= Healthiest State in the Nation Campaign =

Public health campaign in Washington, United States

The Healthiest State in the Nation Campaign was a statewide public health initiative launched in Washington State in 2004 by the Washington Health Foundation (WHF), a Seattle-based nonprofit organization. The campaign’s goal was to improve the overall health of Washington residents and to raise the state's national health ranking to first place in the United States.

The campaign was officially launched on September 18, 2004. In 2012, the Washington Health Foundation suspended major operations, including the campaign, after exhausting its funding.

==History==
When Washington dropped out of America's Health Rankings' top ten in its 2003 national report, the WHF began to channel its efforts towards major reform in healthcare for the state.

==Campaign==
In an attempt to educate and engage the people of Washington on health issues, the Healthiest State in the Nation campaign was created as a long-term civic engagement effort. Using the United Health Foundation's America's Health Rankings model as a guide, the Healthiest State Campaign was developed around six action areas, each with two health measures used in determining the state's health rank.

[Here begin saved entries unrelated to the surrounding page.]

Lemma nondecreasing_bounded_lim (F : R -> R) c B :
  (forall a b, c <= a -> a <= b -> F a <= F b) -> (forall a, c <= a -> F a <= B) ->
  exists L : R, is_lim F p_infty L /\ forall a, c <= a -> F a <= L.
Proof.
  intros Hm Hb.
  set (E y := exists a, c <= a /\ y = F a).
  assert (HE : bound E) by (exists B; intros y [a [Ha ->]]; auto).
  assert (HE' : exists y, E y) by (exists (F c), c; split; [lra | auto]).
  destruct (completeness E HE HE') as [L [Hub Hlub]].
  exists L. split.
  - apply filterlim_locally. intro eps.
    assert (Ha0 : exists a0, c <= a0 /\ L - eps < F a0).
    { apply NNPP. intro Hn.
      assert (L <= L - eps).
      { apply Hlub. intros y [a [Ha ->]].
        apply Rnot_lt_le. intro Hlt. apply Hn. exists a; auto. }
      destruct eps; simpl in *; lra. }
    destruct Ha0 as [a0 [Hc0 Ha0]].
    exists (Rmax c a0). intros x Hx.
    assert (c <= x) by (apply Rle_trans with (Rmax c a0); [apply Rmax_l | lra]).
    assert (a0 <= x) by (apply Rle_trans with (Rmax c a0); [apply Rmax_r | lra]).
    assert (F a0 <= F x) by (apply Hm; auto).
    assert (F x <= L) by (apply Hub; exists x; auto).
    change (Rabs (F x - L) < eps). apply Rabs_def1; lra.
  - intros a Ha. apply Hub. exists a; auto.
Qed.

Lemma nondecreasing_bounded_lim_0 (F : R -> R) B :
  (forall a b, 0 < a -> a <= b -> F a <= F b) -> (forall a, 0 < a -> a <= 1 -> - B <= F a) ->
  exists L, filterlim F (at_right 0) (locally L) /\ forall a, 0 < a -> a <= 1 -> L <= F a.
Proof.
  intros Hm Hb.
  destruct (nondecreasing_bounded_lim (fun u => - F (/ u)) 1 B) as [L [HL HLb]].
  - intros a b Ha Hab. apply Ropp_le_contravar, Hm; [apply Rinv_0_lt_compat; lra|].
    apply Rinv_le_contravar; lra.
  - intros a Ha.
    assert (Ha' : 0 < / a <= 1)
      by (split; [apply Rinv_0_lt_compat | rewrite <- Rinv_1; apply Rinv_le_contravar]; lra).
    assert (Hb' := Hb (/ a) (proj1 Ha') (proj2 Ha')). lra.
  - exists (- L). split.
    + apply (filterlim_ext_loc (fun x => - (- F (/ / x)))).
      { exists (mkposreal 1 Rlt_0_1). intros y _ Hy. rewrite Rinv_inv. ring. }
      apply (filterlim_comp _ _ _ (fun x => - F (/ / x)) Ropp _ (locally L));
        [|apply (filterlim_opp L)].
      apply (filterlim_comp _ _ _ Rinv (fun u => - F (/ u)) _ (Rbar_locally p_infty));
        [apply filterlim_Rinv_0_right | exact HL].
    + intros a Ha Ha1.
      assert (Ha' : 1 <= / a) by (rewrite <- Rinv_1; apply Rinv_le_contravar; lra).
      assert (E := HLb (/ a) Ha'). rewrite Rinv_inv in E. lra.
Qed.

Lemma exp_le_1 x : x <= 0 -> exp x <= 1.
Proof.
  intro H. rewrite <- exp_0. destruct H as [H | ->]; [left; apply exp_increasing, H | lra].
Qed.

Section Gamma_half.

Let f (t : R) : R := Rpower t (/ 2 - 1) * exp (- t).
Let F (x : R) : R := RInt f 1 x.

Lemma ex_RInt_gamma_half a b : 0 < a -> 0 < b -> ex_RInt f a b.
Proof.
  intros Ha Hb. apply (@ex_RInt_continuous R_CompleteNormedModule). intros z Hz.
  apply continuous_gamma_integrand. assert (0 < Rmin a b) by (apply Rmin_glb_lt; auto). lra.
Qed.

Lemma gamma_half_Chasles a b : 0 < a -> 0 < b -> F b - F a = RInt f a b.
Proof.
  intros Ha Hb. unfold F. rewrite <- (RInt_Chasles f 1 a b) by (apply ex_RInt_gamma_half; lra).
  simpl. unfold plus; simpl. ring.
Qed.

Lemma gamma_half_nondecreasing a b : 0 < a -> a <= b -> F a <= F b.
Proof.
  intros Ha Hab.
  assert (0 <= RInt f a b).
  { apply RInt_ge_0; [exact Hab | apply ex_RInt_gamma_half; lra |].
    intros x _. left. apply Rmult_lt_0_compat; apply exp_pos. }
  rewrite <- gamma_half_Chasles in H by lra. lra.
Qed.

Lemma gamma_half_le_1 b : 1 <= b -> F b <= 1.
Proof.
  intro Hb.
  assert (E : is_RInt (fun t => exp (- t)) 1 b (exp (- 1) - exp (- b))).
  { replace (exp (- 1) - exp (- b)) with (minus (- exp (- b)) (- exp (- 1)))
      by (unfold minus, plus, opp; simpl; ring).
    apply (is_RInt_derive (fun t => - exp (- t))).
    - intros x _. auto_derive; auto. ring.
    - intros x _. apply (@ex_derive_continuous R_AbsRing R_NormedModule). auto_derive; auto. }
  apply Rle_trans with (exp (- 1) - exp (- b)).
  - rewrite <- (is_RInt_unique _ _ _ _ E). apply RInt_le; auto.
    + apply ex_RInt_gamma_half; lra.
    + eexists; exact E.
    + intros x Hx. unfold f. rewrite <- (Rmult_1_l (exp (- x))) at 2.
      apply Rmult_le_compat_r; [left; apply exp_pos|].
      apply exp_le_1. assert (0 <= ln x) by (rewrite <- ln_1; apply ln_le; lra). nra.
  - pose proof (exp_pos (- b)). assert (exp (- 1) <= 1) by (apply exp_le_1; lra). lra.
Qed.

Lemma gamma_half_ge_m2 a : 0 < a -> a <= 1 -> - 2 <= F a.
Proof.
  intros Ha Ha1.
  assert (E : is_RInt (fun t => Rpower t (/ 2 - 1)) a 1 (2 - 2 * Rpower a (/ 2))).
  { replace (2 - 2 * Rpower a (/ 2)) with (minus (2 * Rpower 1 (/ 2)) (2 * Rpower a (/ 2)))
      by (replace (Rpower 1 (/ 2)) with 1
            by (unfold Rpower; rewrite ln_1, Rmult_0_r; symmetry; apply exp_0);
          unfold minus, plus, opp; simpl; ring).
    apply (is_RInt_derive (fun t => 2 * Rpower t (/ 2))).
    - intros x Hx. rewrite Rmin_left in Hx by lra.
      replace (Rpower x (/ 2 - 1)) with (2 * (/ 2 * Rpower x (/ 2 - 1))) by field.
      apply (is_derive_scal (fun t => Rpower t (/ 2))), is_derive_Rpower. lra.
    - intros x Hx. rewrite Rmin_left in Hx by lra.
      apply (@ex_derive_continuous R_AbsRing R_NormedModule).
      eexists. apply is_derive_Rpower. lra. }
  assert (RInt f a 1 <= 2 - 2 * Rpower a (/ 2)).
  { rewrite <- (is_RInt_unique _ _ _ _ E). apply RInt_le; auto.
    + apply ex_RInt_gamma_half; lra.
    + eexists; exact E.
    + intros x Hx. unfold f. rewrite <- (Rmult_1_r (Rpower x (/ 2 - 1))) at 2.
      apply Rmult_le_compat_l; [left; apply exp_pos | apply exp_le_1; lra]. }
  assert (0 < Rpower a (/ 2)) by apply exp_pos.
  assert (F 1 = 0) by (unfold F; rewrite RInt_point; reflexivity).
  rewrite <- (gamma_half_Chasles a 1) in H by lra. lra.
Qed.

Lemma is_Gamma_half : exists l, 0 < l /\ is_Gamma (/ 2) l.
Proof.
  destruct (nondecreasing_bounded_lim F 1 1) as [Linf [HLinf HLinf_le]].
  { intros a b Ha Hab. apply gamma_half_nondecreasing; lra. }
  { exact gamma_half_le_1. }
  destruct (nondecreasing_bounded_lim_0 F 2) as [L0 [HL0 HL0_le]].
  { exact gamma_half_nondecreasing. }
  { exact gamma_half_ge_m2. }
  exists (Linf - L0). split.
  - assert (F 2 <= Linf) by (apply HLinf_le; lra).
    assert (L0 <= F 1) by (apply HL0_le; lra).
    assert (0 < F 2 - F 1).
    { rewrite gamma_half_Chasles by lra. apply RInt_gt_0; [lra | |].
      - intros x _. apply Rmult_lt_0_compat; apply exp_pos.
      - intros x Hx. apply continuous_gamma_integrand. lra. }
    lra.
  - apply (is_RInt_gen_0_infty_derive F f); [| intros x Hx | exact HL0 | exact HLinf];
      [| apply continuous_gamma_integrand, Hx].
    intros x Hx. apply is_derive_RInt with 1; [|apply continuous_gamma_integrand, Hx].
    eapply filter_imp; [|apply (locally_pos x Hx)]. intros y Hy.
    apply (@RInt_correct R_CompleteNormedModule), ex_RInt_gamma_half; lra.
Qed.

End Gamma_half.

(** * Pochhammer symbols and values of Gamma *)

Lemma poch_S a k : poch a (S k) = poch a k * (a + INR k).
Proof. reflexivity. Qed.

Lemma poch_add a i j : poch a (i + j) = poch a i * poch (a + INR i) j.
Proof.
  induction j as [|j IH].
  - rewrite Nat.add_0_r. simpl. ring.
  - rewrite Nat.add_succ_r, !poch_S, IH, plus_INR. ring.
Qed.

Lemma poch_S_l a k : poch a (S k) = a * poch (a + 1) k.
Proof.
  induction k as [|k IH].
  - simpl. ring.
  - rewrite poch_S, IH, poch_S, S_INR. ring.
Qed.

Lemma poch_duplication a k : poch a k * poch (a + / 2) k * 4 ^ k = poch (2 * a) (2 * k).
Proof.
  induction k as [|k IH].
  - simpl. ring.
  - replace (2 * S k)%nat with (S (S (2 * k))) by lia.
    rewrite !poch_S, <- IH, !S_INR, mult_INR. simpl. field.
Qed.

Lemma poch_opp a k : poch (- a) k = (-1) ^ k * poch (a - INR k + 1) k.
Proof.
  induction k as [|k IH].
  - simpl. ring.
  - rewrite poch_S, IH, poch_S_l, S_INR.
    replace (a - (INR k + 1) + 1 + 1) with (a - INR k + 1) by ring.
    simpl. ring.
Qed.

Lemma INR_fact_neq_0 k : INR (fact k) <> 0.
Proof. apply not_0_INR, fact_neq_0. Qed.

The campaign attempted to improve these areas through civic engagement while emphasizing the importance of personal responsibility and collective action in making Washington a healthier state.

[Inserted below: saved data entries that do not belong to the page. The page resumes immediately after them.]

Lemma miss_nonadj_pair w w' : w \in C -> w' \in C -> w != w' -> ~~ e w w' ->
  lam.+2 <= miss w + miss w' + mu.
Proof.
rewrite !inE => /andP[euw evw] /andP[euw' evw'] ww' nww'.
have uv : u != v by apply: contraTneq euv => ->; rewrite eirr.
have uC : u \notin C by rewrite !inE eirr.
have vC : v \notin C by rewrite !inE eirr andbF.
have cover : u |: (v |: C) \subset
    ((C :\ w) :\: N w) :|: ((C :\ w') :\: N w') :|: (N w :&: N w').
  apply/subsetP => x; rewrite !inE => /predU1P[->|/predU1P[->|/andP[eux evx]]].
  - by rewrite !(esym _ u) euw euw' !orbT.
  - by rewrite !(esym _ v) evw evw' !orbT.
  rewrite eux evx /=; case: (eqVneq x w) => [->|xw].
    by rewrite eirr (esym w') nww' ww'.
  case: (eqVneq x w') => [->|xw'] /=; first by rewrite nww'.
  by case: (e w x); case: (e w' x).
have card_uvC : #|u |: (v |: C)| = lam.+2.
  by rewrite cardsU1 in_setU1 (negbTE uv) (negbTE uC) cardsU1 (negbTE vC) card_common_edge.
rewrite -card_uvC; apply: leq_trans (subset_leq_card cover) _.
apply: leq_trans (leq_card_setU _ _) _.
exact: leq_add (leq_card_setU _ _) (card_common_nonadj_le ww' nww' (subxx _)).
Qed.

Lemma edge_in_large_clique :
  4 * ((mu - 1) * (k - lam.+1)) < (lam.+2 - mu) ^ 2 ->
  exists2 K, clique K & [&& u \in K, v \in K & lam + mu + 3 <= 2 * #|K|].
Proof.
move=> small_miss.
pose Light := [set w in C | 2 * miss w + mu < lam.+2].
have LC : Light \subset C by apply/subsetP => w; rewrite inE => /andP[].
have cL : clique Light.
  apply/cliqueP => w w' /setIdP[wC lw] /setIdP[w'C lw'] ww'.
  apply/negPn/negP => nww'; have := miss_nonadj_pair wC w'C ww' nww'; lia.
have uC : u \notin C by rewrite !inE eirr.
have vC : v \notin C by rewrite !inE eirr andbF.
have CE w : w \in Light -> e u w /\ e v w.
  by move/(subsetP LC); rewrite !inE => /andP.
have cK : clique (u |: (v |: Light)).
  apply: (cliqueU1 esym); first apply: (cliqueU1 esym) => // w /CE[].
    by rewrite esym.
  by move=> w; rewrite in_setU1 => /predU1P[-> //|/CE[]].
exists (u |: (v |: Light)) => //; rewrite !inE !eqxx orbT /=.
have uL : u \notin Light by apply: contra uC; apply: (subsetP LC).
have vL : v \notin Light by apply: contra vC; apply: (subsetP LC).
have uv : u != v by apply: contraTneq euv => ->; rewrite eirr.
rewrite cardsU1 in_setU1 (negbTE uv) (negbTE uL) cardsU1 vL.
have heavy : #|C :\: Light| * (lam.+2 - mu) <= 2 * \sum_(w in C) miss w.
  rewrite -sum_nat_const big_distrr [X in _ <= X](big_setID Light) /=.
  apply: leq_trans (leq_addl _ _); apply: leq_sum => w.
  move=> /setDP[wC]; rewrite inE wC /= -leqNgt => lw.
  by rewrite leq_subLR addnC.
have := sum_miss_le; set d := lam.+2 - mu; set H := #|C :\: Light| => sum_le.
have : 2 * H * d < d * d by rewrite -mulnA; move: small_miss; rewrite expnS expn1; lia.
have d_pos : 0 < d by rewrite lt0n /d; apply: contraTneq small_miss => ->.
rewrite ltn_pmul2r // => heavy_lt.
have := cardsID Light C; rewrite (setIidPr LC) card_common_edge -/H; lia.
Qed.

End EdgeClique.

Lemma card_edges_out_le (K : {set T}) c m :
  (forall w, w \notin K -> #|N w :&: K| * c <= m) ->
  #|K| * (k + 1 - #|K|) * c <= #|T| * m.
Proof.
move=> outK.
have out_deg a : a \in K -> k + 1 - #|K| <= #|[set w in ~: K | e w a]|.
  move=> aK; have -> : [set w in ~: K | e w a] = N a :\: K.
    by apply/setP => x; rewrite !inE esym andbC.
  have : N a :&: K \subset K :\ a.
    apply/subsetP => x; rewrite !inE => /andP[eax ->].
    by case: eqVneq eax => // ->; rewrite eirr.
  move/subset_leq_card; rewrite (cardsD1 a K) aK.
  have := cardsID K (N a); rewrite deg; lia.
apply: (@leq_trans (\sum_(w in ~: K) #|[set a in K | e w a]| * c)).
  rewrite -big_distrl /= double_count leq_mul2r -sum_nat_const.
  by rewrite leq_sum ?orbT.
apply: (@leq_trans (\sum_(w in ~: K) m)); last first.
  by rewrite sum_nat_const leq_mul2r max_card orbT.
apply: leq_sum => w; rewrite inE => wK.
have -> : [set a in K | e w a] = N w :&: K by apply/setP => x; rewrite !inE andbC.
exact: outK.
Qed.

Section LargeCliques.
Hypothesis edge_in_maxclique : forall u v, e u v ->
  exists2 M, maxclique M & [&& u \in M, v \in M & lam + mu + 3 <= 2 * #|M|].

Lemma card_nbrs_maxclique_le (K : {set T}) w :
  maxclique K -> lam + mu + 3 <= 2 * #|K| -> w \notin K ->
  #|N w :&: K| * (lam + mu + 1) <= 2 * k.
Proof.
move=> mK largeK wK; set J := N w :&: K.
pose good q M := [&& maxclique M, w \in M, q \in M & lam + mu + 3 <= 2 * #|M|].
pose M q := odflt set0 [pick M | good q M].
have MP q : q \in J -> good q (M q).
  rewrite !inE => /andP[ewq _]; rewrite /M; case: pickP => [//|none].
  have [M' mM' /and3P[wM' qM' largeM']] := edge_in_maxclique ewq.
  by have := none M'; rewrite /good mM' wM' qM' largeM'.
have notin_M q q' : q \in J -> q' \in J -> q != q' -> q \notin M q'.
  move=> qJ q'J qq'; apply/negP => qM'.
  have /and4P[/andP[cM' _] wM' q'M' largeM'] := MP q' q'J.
  move: qJ q'J; rewrite !inE => /andP[_ qK] /andP[_ q'K].
  have := large_cliques_meet_le1 cM' mK wM' wK largeM' largeK.
  move=> /(_ q q'); rewrite !inE qM' qK q'M' q'K => /(_ isT isT)/eqP.
  by rewrite (negbTE qq').
have disj q q' x : q \in J -> q' \in J -> x \in M q :\ w -> x \in M q' :\ w -> q = q'.
  move=> qJ q'J /setD1P[xw xM] /setD1P[_ xM']; apply/eqP/negPn/negP => qq'.
  have /and4P[/andP[cM _] wM qM largeM] := MP q qJ.
  have /and4P[mM' wM' _ largeM'] := MP q' q'J.
  have := large_cliques_meet_le1 cM mM' qM (notin_M q q' qJ q'J qq') largeM largeM'.
  move=> /(_ x w); rewrite !inE xM xM' wM wM' => /(_ isT isT)/eqP.
  by rewrite (negbTE xw).
have sub q : q \in J -> M q :\ w \subset N w.
  move=> qJ; apply/subsetP => x /setD1P[xw xM].
  have /and4P[/andP[/cliqueP cM _] wM _ _] := MP q qJ.
  by rewrite inE cM // eq_sym.
rewrite -(deg w) -sum_nat_const.
apply: leq_trans (leq_mul (leqnn 2) (sum_card_disjoint_le sub disj)).
rewrite big_distrr /=; apply: leq_sum => q qJ; have /and4P[_ wM _ largeM] := MP q qJ.
by move: largeM; rewrite (cardsD1 w) wM; lia.
Qed.
(* Point-line incidence structures given as (point set P, set L of lines),   *)
(* each line being the set of points incident with it.                       *)

Definition inc_iso (pT qT : finType) (P : {set pT}) (L : {set {set pT}})
  (Q : {set qT}) (M : {set {set qT}}) : Prop :=
  exists f : pT -> qT,
    [/\ {in P &, injective f}, f @: P = Q & [set f @: (l : {set pT}) | l in L] = M].

Definition G2_points (n : nat) : {set {set 'I_n}} :=
  [set S : {set 'I_n} | #|S| == 2%N].

Definition G2_lines (n : nat) : {set {set {set 'I_n}}} :=
  [set [set p in G2_points n | p \subset S] | S : {set 'I_n} in [set S : {set 'I_n} | #|S| == 3%N]].

Definition is_hyperplane (T : finType) (P : {set T}) (L : {set {set T}})
  (H : {set T}) : bool :=
  (H \proper P) && [forall l in L, (l \subset H) || (#|l :&: H| == 1%N)].

Definition hyperplanes (T : finType) (P : {set T}) (L : {set {set T}}) :
  {set {set T}} := [set H : {set T} | is_hyperplane P L H].

Definition veldkamp_line (T : finType) (P : {set T}) (L : {set {set T}})
  (H1 H2 : {set T}) : {set {set T}} :=
  [set H in hyperplanes P L |
     [|| H == H1, H == H2 |
         (H1 :&: H2 == H1 :&: H) && (H1 :&: H == H2 :&: H)]].

Definition veldkamp_lines (T : finType) (P : {set T}) (L : {set {set T}}) :
  {set {set {set T}}} :=
  [set veldkamp_line P L H1 H2 |
     H1 in hyperplanes P L, H2 in hyperplanes P L & H1 != H2].

Definition collinear (T : finType) (L : {set {set T}}) (p q : T) : bool :=
  [exists l in L, (p \in l) && (q \in l)].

Healthiest State Campaign Action Areas and Measures
| Action Areas | Measures |
|---|---|
| Promoting community health | Promoting economic well-being, raising the high school graduation rate |
| Investing in preventative care | Insuring for preventative care, investing in public health systems |
| Increasing investment in health services | Health Home, improving medical care quality |
| Protecting against injury & disease | Use of proven preventive care, preventing injury and violence |
| Avoiding addictions | Discouraging smoking and drinking |
| Engaging in healthy habits | Engaging in physical activity and proper nutrition |

===Launch and beyond===
In 2005, the campaign launched a quarterly magazine, Thrive!, which reached an initial statewide circulation of 150,000 copies distributed through libraries, universities, and hospitals. The publication provided resources on healthy lifestyles and featured local figures, such as Suzy Preston, a winner of NBC's The Biggest Loser, and former Seattle Seahawks player Shaun Alexander.

The campaign began to focus on the political aspects of health in 2006, developing a priority list and working with the Washington State Legislature to produce laws and policies to improve Washington's health.

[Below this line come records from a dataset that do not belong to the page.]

Lemma splits_at_interior_hook u m : supp u != setT -> (0 < m < size u)%N -> splits_at m u ->
  [|| hookV u && (asc u + m == size u), hookV u && ((asc u).+1 + m == size u)
    | hookU u && ((asc u).+1 + m == size u)].
Proof.
move=> nT /andP[m_gt0 mu] /andP[dec inc].
set p := nth ord0 u m.-1; set q := nth ord0 u m.
have mE : m.-1.+1 = m by rewrite prednK.
have takeE : take m u = rcons (take m.-1 u) p by rewrite -take_nth mE //; lia.
have dropE : drop m u = q :: drop m.+1 u by rewrite (drop_nth ord0).
case: (ltngtP (rk (supp u) p) (rk (supp u) q)) => [pq|qp|/(rk_inj nT) pq].
- have inc' : sorted (ltI u) (drop m.-1 u).
    rewrite (drop_nth ord0) ?mE -/p ?dropE /=; last by lia.
    by apply/andP; split=> //; move: inc; rewrite dropE.
  by rewrite (valley_hookV _ dec inc') // m_gt0 ltnW.
- have dec' : sorted (gtI u) (take m.+1 u).
    by rewrite (take_nth ord0 mu) takeE; apply: sorted_rcons_rcons; rewrite // -takeE.
  have := valley_hookV (j := m.+1) _ dec' inc; rewrite addnS -addSn => -> //.
  by rewrite orbT.
- by rewrite (plateau_hookU _ pq dec inc) ?orbT // m_gt0.
Qed.

Lemma splits_at_hook u m : supp u != setT -> (m <= size u)%N -> splits_at m u ->
  [|| hookV u && (asc u + m == size u), hookV u && ((asc u).+1 + m == size u)
    | hookU u && ((asc u).+1 + m == size u)].
Proof.
move=> nT mu split; case: (posnP m) => [m0|m_gt0].
  move: split; rewrite m0 /splits_at !addn0 => /andP[_ inc].
  case: (posnP (size u)) => [/size0nil u0|u_gt0].
    rewrite u0 /asc big_ord0; apply/orP; left.
    by apply/andP; split=> //; apply/existsP; exists ord0.
  have dec : sorted (gtI u) (take 1 u) by rewrite (take_nth ord0 u_gt0) take0.
  by rewrite -[(asc u).+1]addn1 (valley_hookV _ dec inc) ?orbT // u_gt0.
case: (ltngtP m (size u)) mu => // [m_lt|m_eq] _.
  by apply: splits_at_interior_hook; rewrite ?m_gt0.
case/andP: split => dec _.
have inc : sorted (ltI u) (drop m.-1 u).
  by rewrite (drop_nth ord0) ?prednK ?m_eq ?drop_size //; lia.
by rewrite (valley_hookV _ dec inc) //; lia.
Qed.

Lemma hook_splits_atE u m : supp u != setT -> (m <= size u)%N ->
  [|| hookV u && (asc u + m == size u), hookV u && ((asc u).+1 + m == size u)
    | hookU u && ((asc u).+1 + m == size u)] = splits_at m u.
Proof.
move=> nT mu; apply/idP/idP; last exact: splits_at_hook.
case/or3P=> /andP[hook /eqP].
- exact: hookV_splits_at.
- exact: hookV_splits_at_pred.
- exact: hookU_splits_at.
Qed.

Lemma hook_count u m i : supp u != setT -> (m + i)%N = size u ->
  ((hookV u && (asc u == i)) + (hookV u && ((asc u).+1 == i))
    + (hookU u && ((asc u).+1 == i)))%N = splits_at m u.
Proof.
move=> nT mi; rewrite -hook_splits_atE //; last by lia.
have -> : (asc u == i) = (asc u + m == size u) by apply/eqP/eqP; lia.
have -> : ((asc u).+1 == i) = ((asc u).+1 + m == size u) by apply/eqP/eqP; lia.
have := @hookV_hookU u; case: (hookV u); case: (hookU u) => //= [/(_ isT isT)[]|_].
by case: eqP; case: eqP => //; lia.
Qed.

End HookWords.

Section SplitWords.
Variable k : nat.
Implicit Types (A B : {set 'I_k.+1}) (x : word k).

Lemma supp_split_word A B : supp (split_word A B) = A :|: B.
Proof. by apply/setP => y; rewrite !inE mem_cat mem_rev !mem_dec_enum. Qed.

Lemma size_split_word A B : size (split_word A B) = (#|A| + #|B|)%N.
Proof. by rewrite size_cat size_rev !size_dec_enum. Qed.

Lemma card_supp x : (#|supp x| <= size x)%N.
Proof. by rewrite cardsE card_size. Qed.

Lemma splits_at_split_word A B : (#|A :|: B| <= k)%N -> splits_at #|A| (split_word A B).
Proof.
move=> ABk; have nT := card_neq_setT ABk.
rewrite /splits_at {1 3}/split_word take_size_cat ?drop_size_cat ?size_dec_enum //.
rewrite /gtI /ltI supp_split_word rev_sorted !sorted_dec_enum_lt //.
Qed.

Lemma split_word_of_splits_at x m : (size x <= k)%N -> (m <= size x)%N -> splits_at m x ->
  [/\ #|[set y in take m x]| = m, #|[set y in drop m x]| = (size x - m)%N
    & split_word [set y in take m x] [set y in drop m x] = x].
Proof.
move=> xk mx /andP[dec inc].
have nT : supp x != setT by apply/card_neq_setT/(leq_trans (card_supp x)).
have udec := sorted_uniq (@gtI_trans k x) (@gtI_irr k x) dec.
have uinc := sorted_uniq (@ltI_trans k x) (@ltI_irr k x) inc.
have suppE : [set y in take m x] :|: [set y in drop m x] = supp x.
  by apply/setP => y; rewrite !inE -mem_cat cat_take_drop.
have rk_ge_tr : transitive (rk_ge (supp x)) by move=> b a c ba cb; apply: leq_trans cb ba.
have rk_ge_anti : antisymmetric (rk_ge (supp x)).
  by move=> a b /andP[ba ab]; apply: (rk_inj nT); apply/eqP; rewrite eqn_leq; apply/andP.
have sorted_eq_dec_enum s : uniq s -> sorted (rk_ge (supp x)) s ->
    dec_enum (supp x) [set y in s] = s.
  move=> us ss; apply: (sorted_eq rk_ge_tr rk_ge_anti (sorted_dec_enum _ _) ss).
  apply: perm_trans (perm_dec_enum _ _) _; apply: uniq_perm; rewrite ?enum_uniq //.
  by move=> y; rewrite mem_enum inE.
have decE : dec_enum (supp x) [set y in take m x] = take m x.
  by apply: sorted_eq_dec_enum => //; apply: sub_sorted dec => a b /ltnW.
have incE : dec_enum (supp x) [set y in drop m x] = rev (drop m x).
  rewrite -[[set y in drop m x]](_ : [set y in rev (drop m x)] = _); last first.
    by apply/setP => y; rewrite !inE mem_rev.
  apply: sorted_eq_dec_enum; rewrite ?rev_uniq // rev_sorted.
  by apply: sub_sorted inc => a b /ltnW.
split.
- by rewrite cardsE (card_uniqP udec) size_takel.
- by rewrite cardsE (card_uniqP uinc) size_drop.
by rewrite /split_word suppE decE incE revK cat_take_drop.
Qed.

In 2007, Washington State's health rank climbed from 15th to 12th, becoming one of five states to earn the title of "Most Improved State." Washington was ranked 10th on the WHF's 2008 Report Card.

===Healthiest State xChange===
In 2010, the WHF unveiled the Healthiest State xChange and implemented the first steps of its launch in 2011. The program provided free support for consumers and businesses to help purchase and manage health insurance plans. The service also encouraged users to make the WHF their insurance broker of record, after which the WHF would charge a commission for its services.

The program was established as a revenue source for the WHF, which had depleted its financial reserves. In 2012, the WHF concluded that the program's income would be insufficient to cover operational expenses. In 2013, the WHF wound down its major operations, sold the xChange program to a private insurance broker, and subsequently suspended it.